Line by line, output the data that follows exactly as written.

[[ Entries supplied, beginning ]]

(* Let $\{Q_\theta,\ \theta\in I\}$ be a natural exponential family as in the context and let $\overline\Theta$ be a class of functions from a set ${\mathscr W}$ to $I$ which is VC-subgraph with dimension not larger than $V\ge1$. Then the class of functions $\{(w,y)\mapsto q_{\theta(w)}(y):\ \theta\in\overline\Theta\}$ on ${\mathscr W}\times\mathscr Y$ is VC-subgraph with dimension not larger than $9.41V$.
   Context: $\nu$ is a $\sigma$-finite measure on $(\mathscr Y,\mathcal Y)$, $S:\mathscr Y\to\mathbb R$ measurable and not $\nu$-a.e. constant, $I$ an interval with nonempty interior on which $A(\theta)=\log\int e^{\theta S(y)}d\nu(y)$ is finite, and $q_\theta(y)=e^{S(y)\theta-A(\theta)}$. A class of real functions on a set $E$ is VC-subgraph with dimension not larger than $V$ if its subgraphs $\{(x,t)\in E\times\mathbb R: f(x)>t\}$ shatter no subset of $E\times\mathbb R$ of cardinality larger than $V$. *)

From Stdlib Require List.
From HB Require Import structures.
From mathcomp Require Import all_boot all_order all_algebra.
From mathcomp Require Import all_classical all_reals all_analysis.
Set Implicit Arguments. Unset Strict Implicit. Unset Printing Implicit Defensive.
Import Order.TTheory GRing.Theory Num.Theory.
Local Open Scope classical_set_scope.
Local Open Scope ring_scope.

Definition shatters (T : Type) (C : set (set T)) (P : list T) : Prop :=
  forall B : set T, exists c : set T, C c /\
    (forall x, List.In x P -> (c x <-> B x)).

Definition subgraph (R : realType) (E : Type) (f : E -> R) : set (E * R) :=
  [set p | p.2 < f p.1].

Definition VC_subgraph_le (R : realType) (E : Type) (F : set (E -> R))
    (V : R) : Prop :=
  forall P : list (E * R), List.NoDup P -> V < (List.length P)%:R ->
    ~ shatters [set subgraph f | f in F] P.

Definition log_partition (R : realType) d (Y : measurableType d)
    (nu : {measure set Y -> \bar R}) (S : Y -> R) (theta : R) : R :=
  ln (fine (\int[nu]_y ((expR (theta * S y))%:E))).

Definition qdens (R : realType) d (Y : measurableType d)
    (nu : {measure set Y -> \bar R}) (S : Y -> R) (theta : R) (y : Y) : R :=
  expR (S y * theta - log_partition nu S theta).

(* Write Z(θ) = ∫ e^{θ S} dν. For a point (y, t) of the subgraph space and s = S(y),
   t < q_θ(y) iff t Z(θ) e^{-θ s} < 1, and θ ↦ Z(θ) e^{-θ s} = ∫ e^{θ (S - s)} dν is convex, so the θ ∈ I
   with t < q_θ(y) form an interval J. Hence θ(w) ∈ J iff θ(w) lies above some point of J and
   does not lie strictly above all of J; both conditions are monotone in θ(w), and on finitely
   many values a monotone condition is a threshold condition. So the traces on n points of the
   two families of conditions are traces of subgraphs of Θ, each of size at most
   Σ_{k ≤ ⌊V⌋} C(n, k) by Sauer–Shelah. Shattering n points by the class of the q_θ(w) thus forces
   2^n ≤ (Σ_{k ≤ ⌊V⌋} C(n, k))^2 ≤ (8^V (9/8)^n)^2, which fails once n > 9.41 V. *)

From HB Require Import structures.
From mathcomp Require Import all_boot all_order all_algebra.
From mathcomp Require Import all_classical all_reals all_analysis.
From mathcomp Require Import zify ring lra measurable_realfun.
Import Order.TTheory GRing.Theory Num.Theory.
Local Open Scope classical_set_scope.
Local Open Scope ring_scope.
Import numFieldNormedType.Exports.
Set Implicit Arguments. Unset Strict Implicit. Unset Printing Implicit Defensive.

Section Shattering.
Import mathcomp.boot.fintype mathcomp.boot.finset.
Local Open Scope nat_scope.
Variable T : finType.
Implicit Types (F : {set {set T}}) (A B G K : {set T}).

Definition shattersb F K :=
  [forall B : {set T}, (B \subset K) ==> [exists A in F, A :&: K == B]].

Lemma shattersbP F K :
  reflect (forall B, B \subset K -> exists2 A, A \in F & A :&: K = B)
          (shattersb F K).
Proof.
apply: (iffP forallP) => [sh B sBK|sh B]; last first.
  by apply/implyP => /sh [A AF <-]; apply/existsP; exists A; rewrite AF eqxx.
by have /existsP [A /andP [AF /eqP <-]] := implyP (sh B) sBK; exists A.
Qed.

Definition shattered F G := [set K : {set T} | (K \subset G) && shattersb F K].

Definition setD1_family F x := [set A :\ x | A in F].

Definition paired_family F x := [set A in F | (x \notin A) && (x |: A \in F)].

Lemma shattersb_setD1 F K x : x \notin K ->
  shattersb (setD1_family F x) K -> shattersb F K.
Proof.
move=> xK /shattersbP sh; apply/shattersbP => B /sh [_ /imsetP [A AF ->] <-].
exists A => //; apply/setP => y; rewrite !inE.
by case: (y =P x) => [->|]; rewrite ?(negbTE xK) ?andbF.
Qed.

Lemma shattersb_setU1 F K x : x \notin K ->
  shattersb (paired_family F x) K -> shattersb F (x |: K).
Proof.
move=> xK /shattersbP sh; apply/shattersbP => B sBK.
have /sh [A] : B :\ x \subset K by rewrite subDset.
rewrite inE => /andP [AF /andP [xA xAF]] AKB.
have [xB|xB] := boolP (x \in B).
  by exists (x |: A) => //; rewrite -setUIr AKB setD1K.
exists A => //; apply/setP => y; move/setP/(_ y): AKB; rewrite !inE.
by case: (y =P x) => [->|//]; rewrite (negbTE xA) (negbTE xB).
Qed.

[[ Entries supplied, end ]]

### Reply
(* Let $\{Q_\theta,\ \theta\in I\}$ be a natural exponential family as in the context and let $\overline\Theta$ be a class of functions from a set ${\mathscr W}$ to $I$ which is VC-subgraph with dimension not larger than $V\ge1$. Then the class of functions $\{(w,y)\mapsto q_{\theta(w)}(y):\ \theta\in\overline\Theta\}$ on ${\mathscr W}\times\mathscr Y$ is VC-subgraph with dimension not larger than $9.41V$.
   Context: $\nu$ is a $\sigma$-finite measure on $(\mathscr Y,\mathcal Y)$, $S:\mathscr Y\to\mathbb R$ measurable and not $\nu$-a.e. constant, $I$ an interval with nonempty interior on which $A(\theta)=\log\int e^{\theta S(y)}d\nu(y)$ is finite, and $q_\theta(y)=e^{S(y)\theta-A(\theta)}$. A class of real functions on a set $E$ is VC-subgraph with dimension not larger than $V$ if its subgraphs $\{(x,t)\in E\times\mathbb R: f(x)>t\}$ shatter no subset of $E\times\mathbb R$ of cardinality larger than $V$. *)

From Stdlib Require List.
From HB Require Import structures.
From mathcomp Require Import all_boot all_order all_algebra.
From mathcomp Require Import all_classical all_reals all_analysis.
Set Implicit Arguments. Unset Strict Implicit. Unset Printing Implicit Defensive.
Import Order.TTheory GRing.Theory Num.Theory.
Local Open Scope classical_set_scope.
Local Open Scope ring_scope.

Definition shatters (T : Type) (C : set (set T)) (P : list T) : Prop :=
  forall B : set T, exists c : set T, C c /\
    (forall x, List.In x P -> (c x <-> B x)).

Definition subgraph (R : realType) (E : Type) (f : E -> R) : set (E * R) :=
  [set p | p.2 < f p.1].

Definition VC_subgraph_le (R : realType) (E : Type) (F : set (E -> R))
    (V : R) : Prop :=
  forall P : list (E * R), List.NoDup P -> V < (List.length P)%:R ->
    ~ shatters [set subgraph f | f in F] P.

Definition log_partition (R : realType) d (Y : measurableType d)
    (nu : {measure set Y -> \bar R}) (S : Y -> R) (theta : R) : R :=
  ln (fine (\int[nu]_y ((expR (theta * S y))%:E))).

Definition qdens (R : realType) d (Y : measurableType d)
    (nu : {measure set Y -> \bar R}) (S : Y -> R) (theta : R) (y : Y) : R :=
  expR (S y * theta - log_partition nu S theta).

(* Write Z(θ) = ∫ e^{θ S} dν. For a point (y, t) of the subgraph space and s = S(y),
   t < q_θ(y) iff t Z(θ) e^{-θ s} < 1, and θ ↦ Z(θ) e^{-θ s} = ∫ e^{θ (S - s)} dν is convex, so the θ ∈ I
   with t < q_θ(y) form an interval J. Hence θ(w) ∈ J iff θ(w) lies above some point of J and
   does not lie strictly above all of J; both conditions are monotone in θ(w), and on finitely
   many values a monotone condition is a threshold condition. So the traces on n points of the
   two families of conditions are traces of subgraphs of Θ, each of size at most
   Σ_{k ≤ ⌊V⌋} C(n, k) by Sauer–Shelah. Shattering n points by the class of the q_θ(w) thus forces
   2^n ≤ (Σ_{k ≤ ⌊V⌋} C(n, k))^2 ≤ (8^V (9/8)^n)^2, which fails once n > 9.41 V. *)

From HB Require Import structures.
From mathcomp Require Import all_boot all_order all_algebra.
From mathcomp Require Import all_classical all_reals all_analysis.
From mathcomp Require Import zify ring lra measurable_realfun.
Import Order.TTheory GRing.Theory Num.Theory.
Local Open Scope classical_set_scope.
Local Open Scope ring_scope.
Import numFieldNormedType.Exports.
Set Implicit Arguments. Unset Strict Implicit. Unset Printing Implicit Defensive.

Section Shattering.
Import mathcomp.boot.fintype mathcomp.boot.finset.
Local Open Scope nat_scope.
Variable T : finType.
Implicit Types (F : {set {set T}}) (A B G K : {set T}).

Definition shattersb F K :=
  [forall B : {set T}, (B \subset K) ==> [exists A in F, A :&: K == B]].

Lemma shattersbP F K :
  reflect (forall B, B \subset K -> exists2 A, A \in F & A :&: K = B)
          (shattersb F K).
Proof.
apply: (iffP forallP) => [sh B sBK|sh B]; last first.
  by apply/implyP => /sh [A AF <-]; apply/existsP; exists A; rewrite AF eqxx.
by have /existsP [A /andP [AF /eqP <-]] := implyP (sh B) sBK; exists A.
Qed.

Definition shattered F G := [set K : {set T} | (K \subset G) && shattersb F K].

Definition setD1_family F x := [set A :\ x | A in F].

Definition paired_family F x := [set A in F | (x \notin A) && (x |: A \in F)].

Lemma shattersb_setD1 F K x : x \notin K ->
  shattersb (setD1_family F x) K -> shattersb F K.
Proof.
move=> xK /shattersbP sh; apply/shattersbP => B /sh [_ /imsetP [A AF ->] <-].
exists A => //; apply/setP => y; rewrite !inE.
by case: (y =P x) => [->|]; rewrite ?(negbTE xK) ?andbF.
Qed.

Lemma shattersb_setU1 F K x : x \notin K ->
  shattersb (paired_family F x) K -> shattersb F (x |: K).
Proof.
move=> xK /shattersbP sh; apply/shattersbP => B sBK.
have /sh [A] : B :\ x \subset K by rewrite subDset.
rewrite inE => /andP [AF /andP [xA xAF]] AKB.
have [xB|xB] := boolP (x \in B).
  by exists (x |: A) => //; rewrite -setUIr AKB setD1K.
exists A => //; apply/setP => y; move/setP/(_ y): AKB; rewrite !inE.
by case: (y =P x) => [->|//]; rewrite (negbTE xA) (negbTE xB).
Qed.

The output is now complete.